Lemma ghomV (G H : groupType) (f : G -> H) x : ghom f -> f x^-1 = (f x)^-1.
Proof. by move=> fM; apply/esym/mulg1_eq; rewrite -fM mulgV ghom1. Qed.

Section CentralElements.
Variable G : groupType.
Implicit Types u v w : G.

Lemma mulg_centralACA J' : (forall z, commute J' z) ->
  forall J v w, J * v * (J' * w) = J * J' * (v * w).
Proof. by move=> cJ' J v w; rewrite -!mulgA (mulgA v) -(cJ' v) -mulgA. Qed.

Lemma conjg_central J : (forall z, commute J z) ->
  forall u v, u * (J * v) / u = J * (u * v / u).
Proof. by move=> cJ u v; rewrite mulgA -(cJ u) !mulgA. Qed.

Lemma invg_central_mul J J' : (forall z, commute J z) -> (forall z, commute J' z) ->
  forall v, (J * v)^-1 * (J' * v) = J^-1 * J'.
Proof. by move=> cJ cJ' v; rewrite (cJ v) (cJ' v) invgM -mulgA mulKg. Qed.

End CentralElements.

Definition normalized_cocycle (D : groupType) (A : zmodType) (F : D -> D -> A) :=
  [/\ forall x y z, (F x y + F (x * y)%g z = F y z + F x (y * z)%g)%R,
      forall y, F 1%g y = 0%R & forall x, F x 1%g = 0%R].

Definition cocycle_ext (D : groupType) (A : zmodType) (F : D -> D -> A)
  (_ : normalized_cocycle F) : Type := (A * D)%type.

HB.instance Definition _ D A F Fco := Choice.on (@cocycle_ext D A F Fco).

Section CocycleExtension.
Variables (D : groupType) (A : zmodType) (F : D -> D -> A).
Hypothesis Fco : normalized_cocycle F.
Local Notation E := (cocycle_ext Fco).

Definition cext_mul (u v : E) : E := ((u.1 + v.1 + F u.2 v.2)%R, u.2 * v.2).
Definition cext_one : E := (0%R, 1).
Definition cext_inv (u : E) : E := ((- u.1 - F u.2^-1 u.2)%R, u.2^-1).

Lemma cext_mulA : associative cext_mul.
Proof.
have [FA _ _] := Fco; move=> [a x] [b y] [c z]; rewrite /cext_mul /=.
congr pair; last by rewrite mulgA.
by rewrite -!addrA; congr (a + (b + _))%R; rewrite -FA addrCA.
Qed.

Lemma cext_mul1g : left_id cext_one cext_mul.
Proof. by have [_ F1 _] := Fco; move=> [a x]; rewrite /cext_mul /= F1 add0r addr0 mul1g. Qed.

Lemma cext_mulg1 : right_id cext_one cext_mul.
Proof. by have [_ _ F1] := Fco; move=> [a x]; rewrite /cext_mul /= F1 !addr0 mulg1. Qed.

Lemma cext_mulVg : left_inverse cext_one cext_inv cext_mul.
Proof. by move=> [a x]; rewrite /cext_mul /= (addrAC (- a)%R) addNr add0r addNr mulVg. Qed.

Lemma cext_mulgV : right_inverse cext_one cext_inv cext_mul.
Proof.
have [FA F1 F1'] := Fco; move=> [a x]; rewrite /cext_mul /= mulgV; congr pair.
have := FA x x^-1 x; rewrite mulgV mulVg F1 F1' !addr0 => ->.
by rewrite addrA subrr sub0r addNr.
Qed.

End CocycleExtension.

HB.instance Definition _ D A F Fco :=
  isGroup.Build (@cocycle_ext D A F Fco) (@cext_mulA D A F Fco)
    (@cext_mul1g D A F Fco) (@cext_mulg1 D A F Fco)
    (@cext_mulVg D A F Fco) (@cext_mulgV D A F Fco).

Lemma cext_mulE D A F Fco (u v : @cocycle_ext D A F Fco) :
  u * v = ((u.1 + v.1 + F u.2 v.2)%R, u.2 * v.2) :> cocycle_ext Fco.
Proof. by []. Qed.

Section CrossedModule.
Variables (B D : groupType) (d : B -> D) (theta : D -> B -> B).
Hypothesis dtheta : crossed_module d theta.

Lemma dM : ghom d. Proof. by case: dtheta. Qed.
Lemma thetaM x : ghom (theta x). Proof. by case: dtheta => _ []. Qed.
Lemma thetaMl x y b : theta (x * y) b = theta x (theta y b).
Proof. by case: dtheta => _ [_ []]. Qed.
Lemma theta1 b : theta 1 b = b. Proof. by case: dtheta => _ [_ [_ []]]. Qed.
Lemma theta_d b b' : theta (d b) b' = b * b' * b^-1.
Proof. by case: dtheta => _ [_ [_ [_ []]]]. Qed.
Lemma d_theta x b : d (theta x b) = x * d b * x^-1.
Proof. by case: dtheta => _ [_ [_ [_ []]]]. Qed.

Lemma d1 : d 1 = 1. Proof. exact: ghom1 dM. Qed.
Lemma dV b : d b^-1 = (d b)^-1. Proof. exact: ghomV dM. Qed.
Lemma theta_x1 x : theta x 1 = 1. Proof. exact: ghom1 (thetaM x). Qed.

Lemma ker_central c : d c = 1 -> forall b, commute c b.
Proof.
by move=> dc b; have := theta_d c b; rewrite dc theta1 /commute => {2}->; rewrite mulgVK.
Qed.

Lemma d_theta_ker x c : d c = 1 -> d (theta x c) = 1.
Proof. by move=> dc; rewrite d_theta dc mulg1 mulgV. Qed.

Section Cokernel.
Variables (Q : groupType) (pi : D -> Q) (xs : Q -> D) (bx : D -> B).
Hypotheses (dpi : is_cokernel d pi) (xsbx : obstruction_data d pi xs bx).
Local Notation H := (Htil xs bx).
Local Notation k := (obs_k theta xs bx).

Lemma piM : ghom pi. Proof. by case: dpi. Qed.
Lemma pi_d b : pi (d b) = 1. Proof. by case: dpi => _ _ ->; exists b. Qed.
Lemma pi_xs s : pi (xs s) = s. Proof. by case: xsbx. Qed.
Lemma xs1 : xs 1 = 1. Proof. by case: xsbx. Qed.
Lemma xs_pi x : xs (pi x) = d (bx x) * x. Proof. by case: xsbx. Qed.
Lemma bx_xs s : bx (xs s) = 1. Proof. by case: xsbx. Qed.

Lemma bx1 : bx 1 = 1. Proof. by rewrite -xs1 bx_xs. Qed.

Lemma pi1 : pi 1 = 1. Proof. exact: ghom1 piM. Qed.

Lemma theta_xs_pi x b : theta (xs (pi x)) b = bx x * theta x b * (bx x)^-1.
Proof. by rewrite xs_pi thetaMl theta_d. Qed.

Lemma H1r r : H 1 r = 1. Proof. by rewrite /Htil xs1 mul1g bx_xs invg1. Qed.
Lemma Hq1 q : H q 1 = 1. Proof. by rewrite /Htil xs1 mulg1 bx_xs invg1. Qed.

Lemma dH q r : d (H q r) * xs (q * r) = xs q * xs r.
Proof.
have -> : q * r = pi (xs q * xs r) by rewrite piM !pi_xs.
by rewrite /Htil dV xs_pi mulKg.
Qed.

Lemma theta_H q r u :
  theta (xs q) (theta (xs r) u) * H q r = H q r * theta (xs (q * r)) u.
Proof. by rewrite -thetaMl -dH thetaMl theta_d mulgVK. Qed.

Lemma obs_k_ker s r t : d (k s r t) = 1.
Proof.
have dl : d (theta (xs s) (H r t) * H s (r * t)) * xs (s * r * t) = xs s * xs r * xs t.
  by rewrite -(mulgA s) dM d_theta -mulgA dH mulgA mulgVK -mulgA dH mulgA.
have dr : d (H s r * H (s * r) t) * xs (s * r * t) = xs s * xs r * xs t.
  by rewrite dM -mulgA dH mulgA dH.
have /mulIg dlr := etrans dl (esym dr).
by rewrite /obs_k dM dV dlr mulVg.
Qed.

Lemma obs_k11t t : k 1 1 t = 1.
Proof. by rewrite /obs_k !mul1g !H1r xs1 theta1 !mulg1 invg1. Qed.

Lemma obs_ks11 s : k s 1 1 = 1.
Proof. by rewrite /obs_k !mulg1 !Hq1 theta_x1 !mulg1 invg1. Qed.

(* [dxs w q] is the element of D with coordinates (w, q); every x is
   [dxs (bx x)^-1 (pi x)], and [defect w q], an element of Ker d, compares w
   with that canonical coordinate. *)
Definition dxs w q := d w * xs q.
Definition coord_mul w w' q r := w * theta (xs q) w' * H q r.
Definition defect w q := bx (dxs w q) * w.

Lemma pi_dxs w q : pi (dxs w q) = q.
Proof. by rewrite /dxs piM pi_d mul1g pi_xs. Qed.

Lemma dxs_bx x : dxs (bx x)^-1 (pi x) = x.
Proof. by rewrite /dxs dV xs_pi mulKg. Qed.

Lemma dxs1 w : dxs w 1 = d w.
Proof. by rewrite /dxs xs1 mulg1. Qed.

Lemma dxs_mul w w' q r : dxs (coord_mul w w' q r) (q * r) = dxs w q * dxs w' r.
Proof. by rewrite /dxs !dM -[_ * d (H q r) * _]mulgA dH d_theta !mulgA mulgVK. Qed.

Lemma coord_mulA w1 w2 w3 q r t :
  coord_mul (coord_mul w1 w2 q r) w3 (q * r) t
  = coord_mul w1 (coord_mul w2 w3 r t) q (r * t) * k q r t.
Proof.
rewrite /coord_mul /obs_k !thetaM !mulgA.
rewrite -(mulgA _ (theta (xs q) (H r t)) (H q (r * t))) mulgK.
by rewrite -(mulgA _ (theta (xs q) (theta (xs r) w3)) (H q r)) theta_H !mulgA.
Qed.

Lemma coord_mul_ker w w' c c' q r : d c = 1 -> d c' = 1 ->
  coord_mul (w * c) (w' * c') q r = coord_mul w w' q r * (c * theta (xs q) c').
Proof.
move=> dc dc'; rewrite /coord_mul thetaM -!mulgA; congr (w * _).
rewrite (ker_central dc (theta _ w' * _)) -!mulgA.
by rewrite [theta _ c' * _](ker_central (d_theta_ker _ dc')) -mulgA.
Qed.

Lemma d_defect w q : d (defect w q) = 1.
Proof.
have e := xs_pi (dxs w q); rewrite pi_dxs in e.
rewrite /defect dM; have -> : d (bx (dxs w q)) = xs q / dxs w q by rewrite e mulgK.
by rewrite /dxs invgM mulVKg mulVg.
Qed.

Lemma defect_mulr w c q : d c = 1 -> defect (w * c) q = defect w q * c.
Proof. by move=> dc; rewrite /defect /dxs dM dc mulg1 mulgA. Qed.

Lemma defect_bx x : defect (bx x)^-1 (pi x) = 1.
Proof. by rewrite /defect dxs_bx mulgV. Qed.

Lemma defect1 c : d c = 1 -> defect c 1 = c.
Proof. by move=> dc; rewrite /defect dxs1 dc bx1 mul1g. Qed.

Lemma obs_vanishes_of_extension (A : zmodType) (zeta : B -> A) :
  zeta_extension_exists d theta zeta -> obs_vanishes theta zeta xs bx.
Proof.
move=> [E [j [p [beta [jD [pM [j_inj [pker [psurj
  [jC [betaM [p_beta [beta_conj beta_zeta]]]]]]]]]]]]].
have [es p_es] := choice (fun q e => p e = xs q) (fun q => psurj (xs q)).
pose sigma q r := es q * es r / es (q * r).
have [c beta_H] : exists c : Q -> Q -> A, forall q r, beta (H q r) = j (c q r) * sigma q r.
  have [c Hc] : exists c : Q * Q -> A,
      forall qr, beta (H qr.1 qr.2) = j (c qr) * sigma qr.1 qr.2.
    apply: (choice (fun qr a => beta (H qr.1 qr.2) = j a * sigma qr.1 qr.2)) => -[q r] /=.
    have : p (beta (H q r) / sigma q r) = 1.
      by rewrite pM p_beta (ghomV _ pM) !pM (ghomV _ pM) !p_es -dH mulgK mulgV.
    by move/pker=> [a ea]; exists a; rewrite -ea mulgVK.
  by exists (fun q r => c (q, r)) => q r; apply: (Hc (q, r)).
have jN a : j (- a)%R = (j a)^-1.
  have j0 : j 0%R = 1 by apply: (@mulgI _ (j 0%R)); rewrite -jD addr0 mulg1.
  by apply/esym/mulg1_eq; rewrite -jD subrr.
exists (fun q r => - c q r)%R => s r t.
have beta_l : beta (theta (xs s) (H r t) * H s (r * t))
    = j (c r t + c s (r * t)%g)%R * (es s * es r * es t / es (s * r * t)).
  rewrite betaM (beta_conj _ (es s)) // !beta_H (conjg_central (jC _)).
  by rewrite (mulg_centralACA (jC _)) -jD !mulgA !mulgVK.
have beta_r : beta (H s r * H (s * r) t)
    = j (c s r + c (s * r)%g t)%R * (es s * es r * es t / es (s * r * t)).
  by rewrite betaM !beta_H (mulg_centralACA (jC _)) -jD !mulgA mulgVK.
apply: j_inj; rewrite beta_zeta ?obs_k_ker // /obs_k betaM (ghomV _ betaM).
rewrite beta_l beta_r (invg_central_mul (jC _) (jC _)) -jN -jD; congr j.
by rewrite opprD !opprK addrA addrAC (addrAC (- c r t)%R).
Qed.

Section Kernel.
Variables (A : zmodType) (zeta : B -> A).
Hypothesis zeta_kernel : abstract_kernel d theta zeta.

Lemma zetaM c c' : d c = 1 -> d c' = 1 -> zeta (c * c') = (zeta c + zeta c')%R.
Proof. by case: zeta_kernel => zM _; apply: zM. Qed.

Lemma zeta_theta x c : d c = 1 -> zeta (theta x c) = zeta c.
Proof. by case: zeta_kernel => _ zth; apply: zth. Qed.

Lemma zeta1 : zeta 1 = 0%R.
Proof. by apply/esym/(@addIr _ (zeta 1)); rewrite add0r -zetaM ?d1 ?mulg1. Qed.

Section Coboundary.
Variable g0 : Q -> Q -> A.
Hypothesis zeta_k : forall s r t,
  zeta (k s r t) = (g0 r t - g0 (s * r) t + g0 s (r * t) - g0 s r)%R.

(* Since k vanishes on (1, 1, t) and (s, 1, 1), this shift makes the cochain
   normalized. *)
Definition gnorm q r := (g0 q r - g0 1 1)%R.

Lemma zeta_k_coboundary s r t :
  (zeta (k s r t) + (gnorm s r + gnorm (s * r) t) = gnorm r t + gnorm s (r * t))%R.
Proof.
rewrite zeta_k /gnorm !addrA subrK (addrAC _ (- g0 1 1)%R (g0 (s * r) t)).
rewrite (addrAC (g0 r t - g0 (s * r) t)%R (g0 s (r * t))) subrK.
by rewrite -!addrA; congr (_ + _)%R; rewrite addrCA.
Qed.

Lemma gnorm11 : gnorm 1 1 = 0%R. Proof. exact: subrr. Qed.

Lemma gnorm1r r : gnorm 1 r = 0%R.
Proof.
have := zeta_k_coboundary 1 1 r; rewrite obs_k11t zeta1 add0r !mul1g gnorm11 add0r.
by rewrite -{1}[gnorm 1 r]add0r => /(addIr _) <-.
Qed.

Lemma gnormq1 q : gnorm q 1 = 0%R.
Proof.
have := zeta_k_coboundary q 1 1; rewrite obs_ks11 zeta1 add0r !mulg1 gnorm11.
by move=> /(addIr _).
Qed.

Definition ext_cocycle x y := (gnorm (pi x) (pi y)
  + zeta (defect (coord_mul (bx x)^-1 (bx y)^-1 (pi x) (pi y)) (pi x * pi y)))%R.

Lemma ext_cocycle_dxs w w' q r :
  (ext_cocycle (dxs w q) (dxs w' r) + (zeta (defect w q) + zeta (defect w' r))
   = gnorm q r + zeta (defect (coord_mul w w' q r) (q * r)))%R.
Proof.
have dc := d_defect w q; have dc' := d_defect w' r.
have -> : coord_mul w w' q r = coord_mul (bx (dxs w q))^-1 (bx (dxs w' r))^-1 q r
                                 * (defect w q * theta (xs q) (defect w' r)).
  by rewrite -coord_mul_ker // /defect !mulKg.
have dcc : d (defect w q * theta (xs q) (defect w' r)) = 1.
  by rewrite dM dc d_theta_ker // mulg1.
rewrite /ext_cocycle !pi_dxs defect_mulr // zetaM ?d_defect //.
by rewrite zetaM ?d_theta_ker // zeta_theta // !addrA.
Qed.

Lemma ext_cocycle_dxs_l w q y : (ext_cocycle (dxs w q) y + zeta (defect w q)
  = gnorm q (pi y) + zeta (defect (coord_mul w (bx y)^-1 q (pi y)) (q * pi y)))%R.
Proof. by have := ext_cocycle_dxs w (bx y)^-1 q (pi y); rewrite dxs_bx defect_bx zeta1 addr0. Qed.

Lemma ext_cocycle_dxs_r x w r : (ext_cocycle x (dxs w r) + zeta (defect w r)
  = gnorm (pi x) r + zeta (defect (coord_mul (bx x)^-1 w (pi x) r) (pi x * r)))%R.
Proof. by have := ext_cocycle_dxs (bx x)^-1 w (pi x) r; rewrite dxs_bx defect_bx zeta1 add0r. Qed.

Lemma ext_cocycle_identity x y z :
  (ext_cocycle x y + ext_cocycle (x * y) z = ext_cocycle y z + ext_cocycle x (y * z))%R.
Proof.
set q := pi x; set r := pi y; set t := pi z.
set Wxy := coord_mul (bx x)^-1 (bx y)^-1 q r.
set Wyz := coord_mul (bx y)^-1 (bx z)^-1 r t.
have Fxy : ext_cocycle x y = (gnorm q r + zeta (defect Wxy (q * r)))%R by [].
have Fyz : ext_cocycle y z = (gnorm r t + zeta (defect Wyz (r * t)))%R by [].
have := ext_cocycle_dxs_l Wxy (q * r) z; rewrite dxs_mul !dxs_bx -/t => Fxy_z.
have := ext_cocycle_dxs_r x Wyz (r * t); rewrite dxs_mul !dxs_bx -/q => Fx_yz.
have W_assoc : zeta (defect (coord_mul Wxy (bx z)^-1 (q * r) t) (q * r * t))
    = (zeta (defect (coord_mul (bx x)^-1 Wyz q (r * t)) (q * (r * t)))
       + zeta (k q r t))%R.
  rewrite coord_mulA -(mulgA q r t) defect_mulr ?obs_k_ker //.
  by rewrite zetaM ?d_defect ?obs_k_ker.
rewrite Fxy Fyz -[LHS]addrA -[RHS]addrA.
rewrite (addrC (zeta (defect Wxy _))) Fxy_z (addrC (zeta (defect Wyz _))) Fx_yz.
rewrite W_assoc (addrC _ (zeta (k q r t))) [LHS]addrA [LHS]addrCA [LHS]addrA.
by rewrite zeta_k_coboundary -[LHS]addrA.
Qed.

━━━━━━━━━━

The problem: Reproduce the lines of the entries above from the one with "Proof. by case: zeta_kernel => _" to the one with "zeta (k s r t) = (g0", both included, exactly and without any other line.

Output of the exercise:
Proof. by case: zeta_kernel => _ zth; apply: zth. Qed.

Lemma zeta1 : zeta 1 = 0%R.
Proof. by apply/esym/(@addIr _ (zeta 1)); rewrite add0r -zetaM ?d1 ?mulg1. Qed.

Section Coboundary.
Variable g0 : Q -> Q -> A.
Hypothesis zeta_k : forall s r t,
  zeta (k s r t) = (g0 r t - g0 (s * r) t + g0 s (r * t) - g0 s r)%R.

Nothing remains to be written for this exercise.